My daughter's original labs showed tsh of 75.401, t3 uptake 25.3, thyroxine 4.9, free thyroxine 1.2, Her lh normal for her age (less than .20), fsh normal (1.3), estradiol (less than 20) and prolactin 6.8.Additional testing includes ACTH stimulation panel 4.96 base line, 18.24 @ 30 and 22.17 @ 60, normal. They checked her bone age and it corresponds with her physical age. We went and had LHRH, sort of; they gave her the drug, drew blood but lost the samples so never performed the test. The doctor thought there was probably no reason to redo the test. Should we do more?

A little history-for her school entry physical at the age of 5 they did a blood test and found her to be anemic. All symptoms corresponded with that and she was treated accordingly. The doctor found her stored iron to be depleted so we supplemented. Her hemoglobin/hematocrit increased but not to normal ranges so after a year of treatment by her GP we were sent to a hematologist. They weren't much help. While there continued to be increases, they left me with "well someone has be to low normal". I understand they deal with terrible, terrible diseases but still I left very frustrated. My daughter's next physical her GP tested her folic acid, rbc and found it to be low (201).
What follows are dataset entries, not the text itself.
Lemma dist6_upd6 q p i t : (i < 6)%nat ->
  dist6 (upd6 q i t) p <= dist6 q p + Rabs (t - get6 q i).
Proof.
  intros Hi. destruct q as [[q1 q2 q3] [q4 q5 q6]], p as [[p1 p2 p3] [p4 p5 p6]].
  unfold dist6, dist3.
  destruct_index i; try lia; cbn;
  match goal with |- context [Rabs (t - ?y)] =>
    match goal with |- context [Rabs (y - ?z)] =>
      replace (t - z) with ((y - z) + (t - y)) by ring;
      pose proof (Rabs_triang (y - z) (t - y)) end end; lra.
Qed.

Lemma dist6_upd6_upd6 p i j u v : (i < 6)%nat -> (j < 6)%nat -> i <> j ->
  dist6 (upd6 (upd6 p i u) j v) p <= Rabs (u - get6 p i) + Rabs (v - get6 p j).
Proof.
  intros Hi Hj Hij.
  pose proof (dist6_upd6 (upd6 p i u) p j v Hj) as Hv.
  pose proof (dist6_upd6 p p i u Hi) as Hu.
  rewrite get6_upd6_other in Hv by assumption.
  replace (dist6 p p) with 0 in Hu
    by (unfold dist6, dist3; rewrite !Rminus_diag, Rabs_R0; ring).
  lra.
Qed.

Lemma pd6_unique i F p l :
  derivable_pt_lim (fun t => F (upd6 p i t)) (get6 p i) l -> pd6 i F p = l.
Proof.
  intro H. unfold pd6.
  apply (uniqueness_limite (fun t => F (upd6 p i t)) (get6 p i)); [|exact H].
  apply epsilon_spec. now exists l.
Qed.

Lemma pd3_unique i F g l :
  derivable_pt_lim (fun t => F (upd3 g i t)) (get3 g i) l -> pd3 i F g = l.
Proof.
  intro H. unfold pd3.
  apply (uniqueness_limite (fun t => F (upd3 g i t)) (get3 g i)); [|exact H].
  apply epsilon_spec. now exists l.
Qed.

Lemma smooth6_pd U F i : smooth6_on U F -> smooth6_on U (pd6 i F).
Proof.
  intros HF l p Up. specialize (HF (l ++ i :: nil) p Up).
  unfold iter_pd6 in *. now rewrite fold_right_app in HF.
Qed.

Lemma smooth6_cont U F p : smooth6_on U F -> U p -> cont6_at F p.
Proof. intros HF Up. exact (proj1 (HF nil p Up)). Qed.

Lemma smooth6_derivable U F p i : smooth6_on U F -> U p -> (i < 6)%nat ->
  derivable_pt_lim (fun t => F (upd6 p i t)) (get6 p i) (pd6 i F p).
Proof.
  intros HF Up Hi. destruct (proj2 (HF nil p Up) i Hi) as [d Hd].
  now rewrite (pd6_unique i F p d Hd).
Qed.

Lemma smooth6_derivable_line U F q i t0 :
  smooth6_on U F -> U (upd6 q i t0) -> (i < 6)%nat ->
  derivable_pt_lim (fun t => F (upd6 q i t)) t0 (pd6 i F (upd6 q i t0)).
Proof.
  intros HF Uq Hi. pose proof (smooth6_derivable U F _ i HF Uq Hi) as H.
  rewrite get6_upd6_same in H by assumption.
  apply (derivable_pt_lim_ext (fun t => F (upd6 (upd6 q i t0) i t))); [|exact H].
  intro t. now rewrite upd6_upd6_same.
Qed.

Lemma smooth3_derivable D F g i : smooth3_on D F -> D g -> (i < 3)%nat ->
  derivable_pt_lim (fun t => F (upd3 g i t)) (get3 g i) (pd3 i F g).
Proof.
  intros HF Dg Hi. destruct (proj2 (HF nil g Dg) i Hi) as [d Hd].
  now rewrite (pd3_unique i F g d Hd).
Qed.

(** * Symmetry of second partial derivatives *)

Definition open6 (U : V6 -> Prop) : Prop :=
  forall p, U p -> exists r, 0 < r /\ forall q, dist6 q p < r -> U q.

Lemma open6_snd D : open3 D -> open6 (fun p => D (snd p)).
Proof.
  intros HD p Dp. destruct (HD _ Dp) as [r [Hr H]]. exists r; split; [assumption|].
  intros q Hq. apply H. unfold dist6, dist3 in *.
  pose proof (Rabs_pos (c1 (fst q) - c1 (fst p))).
  pose proof (Rabs_pos (c2 (fst q) - c2 (fst p))).
  pose proof (Rabs_pos (c3 (fst q) - c3 (fst p))). lra.
Qed.

Lemma second_difference_partials U F p i j r s :
  smooth6_on U F -> (i < 6)%nat -> (j < 6)%nat -> i <> j ->
  (forall q, dist6 q p < r -> U q) -> 0 < s -> 2 * s < r ->
  exists u v, get6 p i <= u <= get6 p i + s /\ get6 p j <= v <= get6 p j + s /\
    let F2 u v := F (upd6 (upd6 p i u) j v) in
    F2 (get6 p i + s) (get6 p j + s) - F2 (get6 p i + s) (get6 p j)
    - F2 (get6 p i) (get6 p j + s) + F2 (get6 p i) (get6 p j)
    = s * s * pd6 j (pd6 i F) (upd6 (upd6 p i u) j v).
Proof.
  intros HF Hi Hj Hij Hball Hs Hsr.
  assert (Hsquare : forall u v, get6 p i <= u <= get6 p i + s ->
            get6 p j <= v <= get6 p j + s -> U (upd6 (upd6 p i u) j v)).
  { intros u v Hu Hv. apply Hball.
    eapply Rle_lt_trans; [apply dist6_upd6_upd6; assumption|].
    rewrite !Rabs_right by lra. lra. }
  apply second_difference_mvt with (hu := fun u v => pd6 i F (upd6 (upd6 p i u) j v));
    [exact Hs| |].
  - intros u v Hu Hv.
    apply (derivable_pt_lim_ext (fun t => F (upd6 (upd6 p j v) i t))).
    { intro t. now rewrite upd6_upd6_comm. }
    rewrite (upd6_upd6_comm p i j) by assumption.
    apply (smooth6_derivable_line U); [exact HF| |exact Hi].
    rewrite <- upd6_upd6_comm by auto. now apply Hsquare.
  - intros u v Hu Hv.
    apply (smooth6_derivable_line U); [now apply smooth6_pd|now apply Hsquare|exact Hj].
Qed.

Lemma pd6_comm U F p a b : open6 U -> smooth6_on U F -> U p ->
  (a < 6)%nat -> (b < 6)%nat -> pd6 a (pd6 b F) p = pd6 b (pd6 a F) p.
Proof.
  intros HU HF Up Ha Hb.
  destruct (Nat.eq_dec a b) as [<- | Hab]; [reflexivity|].
  destruct (HU p Up) as [r [Hr Hball]].
  apply Req_of_Rabs_lt. intros e He.
  destruct (smooth6_cont U _ p (smooth6_pd U _ a (smooth6_pd U F b HF)) Up (e / 2))
    as [d1 [Hd1 Hcont1]]; [lra|].
  destruct (smooth6_cont U _ p (smooth6_pd U _ b (smooth6_pd U F a HF)) Up (e / 2))
    as [d2 [Hd2 Hcont2]]; [lra|].
  set (s := Rmin r (Rmin d1 d2) / 4).
  assert (Hs : 0 < s) by (apply Rdiv_lt_0_compat; [repeat apply Rmin_pos|]; lra).
  assert (Hsr : 4 * s <= r /\ 4 * s <= d1 /\ 4 * s <= d2).
  { unfold s. pose proof (Rmin_l r (Rmin d1 d2)). pose proof (Rmin_r r (Rmin d1 d2)).
    pose proof (Rmin_l d1 d2). pose proof (Rmin_r d1 d2). lra. }
  destruct Hsr as [Hsr [Hsd1 Hsd2]].
  destruct (second_difference_partials U F p a b r s) as [u [v [Hu [Hv Eab]]]];
    try assumption; try lra.
  destruct (second_difference_partials U F p b a r s) as [v' [u' [Hv' [Hu' Eba]]]];
    auto; try lra.
  cbv zeta in Eab, Eba. rewrite !(upd6_upd6_comm p b a) in Eba by auto.
  assert (Hmeet : pd6 b (pd6 a F) (upd6 (upd6 p a u) b v)
                  = pd6 a (pd6 b F) (upd6 (upd6 p a u') b v')).
  { apply Rmult_eq_reg_l with (s * s); [lra|]. nra. }
  assert (Hnear : forall x y, get6 p a <= x <= get6 p a + s ->
            get6 p b <= y <= get6 p b + s -> dist6 (upd6 (upd6 p a x) b y) p <= 2 * s).
  { intros x y Hx Hy. eapply Rle_trans; [apply dist6_upd6_upd6; assumption|].
    rewrite !Rabs_right by lra. lra. }
  pose proof (Hcont1 _ (Rle_lt_trans _ _ d1 (Hnear u' v' Hu' Hv') ltac:(lra))) as H1.
  pose proof (Hcont2 _ (Rle_lt_trans _ _ d2 (Hnear u v Hu Hv) ltac:(lra))) as H2.
  cbn in H1, H2. rewrite Hmeet in H2.
  apply Rabs_def2 in H1. apply Rabs_def2 in H2. apply Rabs_def1; lra.
Qed.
Supplementing with folic acid increased her hemoglobin/hematocrit so along we went, almost normal. I must mention throughout this whole ordeal every lab (over the course of 5 years) has a normal WBC of 5.6-7.5 (normal values) but her neutrophils are always high (55-75%) and lymph and/or MPV low. When I ask about this it's dismissed but I wonder if there could be a viral issue? Anyway until her period we had no idea of a thyroid issue. As my originial post mentions it has come down quit a bit but is back on the upswing, now up to 15.75. Her medications were increased to Tues, Thur, Sat of 125 mcg of synthryoid and Mon, Wed, Fri, Sun 100 mcg.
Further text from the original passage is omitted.